Clinical Trials & Predictive Analytics Use Cases

clinical trials predictive analytics machine learning use cases

Analytics plays a big role in modeling clinical trials and predictive analytics is one such technique that has been embraced by clinical researchers. Machine learning algorithms can be applied at various stages in the drug discovery process – from early compound selection to clinical trial simulation. Data scientists have been applying machine learning algorithms to clinical trial data in order to identify predictive patterns and correlations between clinical outcomes, patient demographics, drug response phenotypes, medical history, and genetic information. Predictive analytics has the potential to enhance clinical research by helping accelerate clinical trials through predictive modeling of clinical outcome probability for better treatment decisions with reduced clinical trial costs. In this blog post, you will learn about different clinical trials predictive analytics usecases.
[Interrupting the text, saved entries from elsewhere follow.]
(* Let $Q = I \times J \subset \mathbb{W}$ be a rectangle and let $F \colon Q \to \mathbb{W}$ be a horizontal $(M,\epsilon)$-quasi-isometric embedding. Let $w_{1} = (y_{1},t_{1}), w_{2} = (y_{2},t_{2}) \in Q$ satisfy $|y_{2}-y_{1}| > \max\{8M\epsilon, 4M^{2}\|t_{1}-t_{2}\|\}$. Then $|\pi_{1}(F(w_{2})) - \pi_{1}(F(w_{1}))| \geq \frac{|y_{2}-y_{1}|}{2M}$.
   Context: $\mathbb{W}$ is $\mathbb{R}^{2}$ with the metric $d_{\mathrm{par}}((y,t),(\xi,\tau)) = \max\{|y-\xi|,|t-\tau|^{1/2}\}$; $\pi_{1}(y,t) = y$; horizontal lines in $\mathbb{W}$ are the sets $\mathbb{R} \times \{t\}$; $\|t_{1}-t_{2}\| := \sqrt{|t_{1}-t_{2}|}$. A map $F \colon (X,d) \to (Y,d')$ is an $(M,\epsilon)$-quasi-isometric embedding if $M^{-1}d(x,y) - \epsilon \leq d'(F(x),F(y)) \leq Md(x,y) + \epsilon$ for all $x,y$. $F \colon I \times J \to \mathbb{W}$ is a horizontal $(M,\epsilon)$-quasi-isometric embedding if it is an $(M,\epsilon)$-quasi-isometric embedding w.r.t. $d_{\mathrm{par}}$ and for every $t \in J$ there is a horizontal line $\ell_{t} \subset \mathbb{W}$ with $F(I \times \{t\}) \subset \ell_{t}$. *)

From Stdlib Require Export Reals.
Open Scope R_scope.

Definition W := (R * R)%type.

Definition d_par (w v : W) : R :=
  Rmax (Rabs (fst w - fst v)) (sqrt (Rabs (snd w - snd v))).

Definition pi1 (w : W) : R := fst w.

Definition tnorm (t1 t2 : R) : R := sqrt (Rabs (t1 - t2)).

Definition is_interval (S : R -> Prop) : Prop :=
  forall a b c, S a -> S c -> a <= b -> b <= c -> S b.

Definition rect (I J : R -> Prop) (w : W) : Prop := I (fst w) /\ J (snd w).

Definition qi_embedding_on (Q : W -> Prop) (F : W -> W) (M eps : R) : Prop :=
  forall x y, Q x -> Q y ->
    / M * d_par x y - eps <= d_par (F x) (F y) /\
    d_par (F x) (F y) <= M * d_par x y + eps.

(* Horizontal lines are R x {s}; F(I x {t}) lies in a horizontal line for each t in J *)
Definition horizontal_qi_embedding (I J : R -> Prop) (F : W -> W) (M eps : R) : Prop :=
  qi_embedding_on (rect I J) F M eps /\
  forall t, J t -> exists s : R, forall y, I y -> snd (F (y, t)) = s.

From Stdlib Require Import Lra.

(* Horizontality moves the second coordinate of [F (y2, t2)] to that of
   [F (y1, t2)], so the quasi-isometry upper bound on the vertical segment
   from [(y1, t1)] to [(y1, t2)] controls the vertical displacement of the
   images by [M ||t1 - t2|| + eps], which the separation hypothesis makes
   less than [3 |y2 - y1| / 8M].  The lower bound gives
   [d_par (F w1) (F w2) >= |y2 - y1| / M - eps > 7 |y2 - y1| / 8M], so this
   maximum must be attained by the first coordinates. *)

Lemma tnorm_sym (t1 t2 : R) : tnorm t1 t2 = tnorm t2 t1.
Proof. unfold tnorm. now rewrite Rabs_minus_sym. Qed.

Lemma tnorm_ge0 (t1 t2 : R) : 0 <= tnorm t1 t2.
Proof. apply sqrt_pos. Qed.

Lemma d_par_fst_le (w v : W) : Rabs (fst w - fst v) <= d_par w v.
Proof. apply Rmax_l. Qed.

Lemma d_par_tnorm_le (w v : W) : tnorm (snd w) (snd v) <= d_par w v.
Proof. apply Rmax_r. Qed.

Lemma d_par_vertical (y t1 t2 : R) : d_par (y, t1) (y, t2) = tnorm t1 t2.
Proof.
  unfold d_par; simpl. rewrite Rminus_diag, Rabs_R0.
  apply Rmax_right, tnorm_ge0.
Qed.

Lemma d_par_fst_ge (r : R) (w v : W) :
  tnorm (snd w) (snd v) < r -> r <= d_par w v -> r <= Rabs (fst w - fst v).
Proof.
  unfold d_par. fold (tnorm (snd w) (snd v)).
  apply Rmax_case; lra.
Qed.

Lemma qi_embedding_fst_lower (Q : W -> Prop) (F : W -> W) (M eps : R) (w v : W) :
  0 < M -> qi_embedding_on Q F M eps -> Q w -> Q v ->
  / M * Rabs (fst w - fst v) - eps <= d_par (F w) (F v).
Proof.
  intros HM HQ Hw Hv.
  destruct (HQ w v Hw Hv) as [Hlow _].
  assert (0 < / M) by now apply Rinv_0_lt_compat.
  pose proof (d_par_fst_le w v).
  nra.
Qed.

Lemma horizontal_qi_tnorm_le (I J : R -> Prop) (F : W -> W) (M eps : R)
  (y1 t1 y2 t2 : R) :
  horizontal_qi_embedding I J F M eps ->
  rect I J (y1, t1) -> rect I J (y2, t2) ->
  tnorm (snd (F (y1, t1))) (snd (F (y2, t2))) <= M * tnorm t1 t2 + eps.
Proof.
  intros [HQ Hhor] [I1 J1] [I2 J2]; simpl in *.
  destruct (Hhor t2 J2) as [s Hs].
  replace (snd (F (y2, t2))) with (snd (F (y1, t2))) by now rewrite !Hs.
  destruct (HQ (y1, t1) (y1, t2)) as [_ Hup]; try (split; assumption).
  rewrite d_par_vertical in Hup.
  eapply Rle_trans; [apply d_par_tnorm_le | exact Hup].
Qed.

Lemma separation_margins (M eps d tau : R) :
  0 < M -> 0 <= eps -> d > Rmax (8 * M * eps) (4 * M ^ 2 * tau) ->
  M * tau + eps < / M * d - eps /\ d / (2 * M) <= / M * d - eps.
Proof.
  intros HM Heps Hd.
  apply Rmax_Rlt in Hd as [Heps_d Htau_d].
  assert (0 < / M) by now apply Rinv_0_lt_compat.
  assert (0 <= M * eps) by (apply Rmult_le_pos; lra).
  split.
  - (* multiply [M^2 tau + 2 M eps < d] by [/ M] *)
    assert (M * (M * tau + eps) + M * eps < d).
    { replace (M * (M * tau + eps) + M * eps) with (M ^ 2 * tau + 2 * (M * eps))
        by ring.
      lra. }
    replace (M * tau + eps) with (/ M * (M * (M * tau + eps))) by (field; lra).
    replace (/ M * d - eps) with (/ M * (d - M * eps)) by (field; lra).
    apply Rmult_lt_compat_l; lra.
  - replace (d / (2 * M)) with (/ M * (d / 2)) by (field; lra).
    replace (/ M * d - eps) with (/ M * (d - M * eps)) by (field; lra).
    apply Rmult_le_compat_l; lra.
Qed.

Theorem lemma3p18 (I J : R -> Prop) (F : W -> W) (M eps : R)
  (HI : is_interval I) (HJ : is_interval J)
  (HM : 1 <= M) (Heps : 0 <= eps)
  (HF : horizontal_qi_embedding I J F M eps)
  (y1 t1 y2 t2 : R)
  (Hw1 : rect I J (y1, t1)) (Hw2 : rect I J (y2, t2))
  (Hsep : Rabs (y2 - y1) > Rmax (8 * M * eps) (4 * M ^ 2 * tnorm t1 t2)) :
  Rabs (pi1 (F (y2, t2)) - pi1 (F (y1, t1))) >= Rabs (y2 - y1) / (2 * M).
Proof.
  assert (HM0 : 0 < M) by lra.
  destruct (separation_margins M eps _ _ HM0 Heps Hsep) as [Hvert Hhalf].
  pose proof (qi_embedding_fst_lower _ _ _ _ (y2, t2) (y1, t1)
                HM0 (proj1 HF) Hw2 Hw1) as Hlow; simpl in Hlow.
  pose proof (horizontal_qi_tnorm_le I J F M eps y1 t1 y2 t2 HF Hw1 Hw2) as Htn.
  rewrite tnorm_sym in Htn.
  apply Rle_ge, (Rle_trans _ _ _ Hhalf), d_par_fst_ge; lra.
Qed.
Clinical trial analytics form a key part of clinical research. Clinical research includes the development of disease-relevant, preclinical models of disease has undoubtedly been one of the most significant changes, as well as the move from a one-drug-fits-all strategy to precision medicine’s effectiveness. Since the completion of the human genome, our sector has evolved to adopt data-driven methods, as data has become a critical component. AI is enabling new insights such as protein structure prediction with innovations like Google’s DeepMind AlphaFold. The preclinical models can be used to explore the mechanism of action, clinical trial simulations that are much more personalized in order to enhance clinical research.

What are clinical trials and how are they conducted?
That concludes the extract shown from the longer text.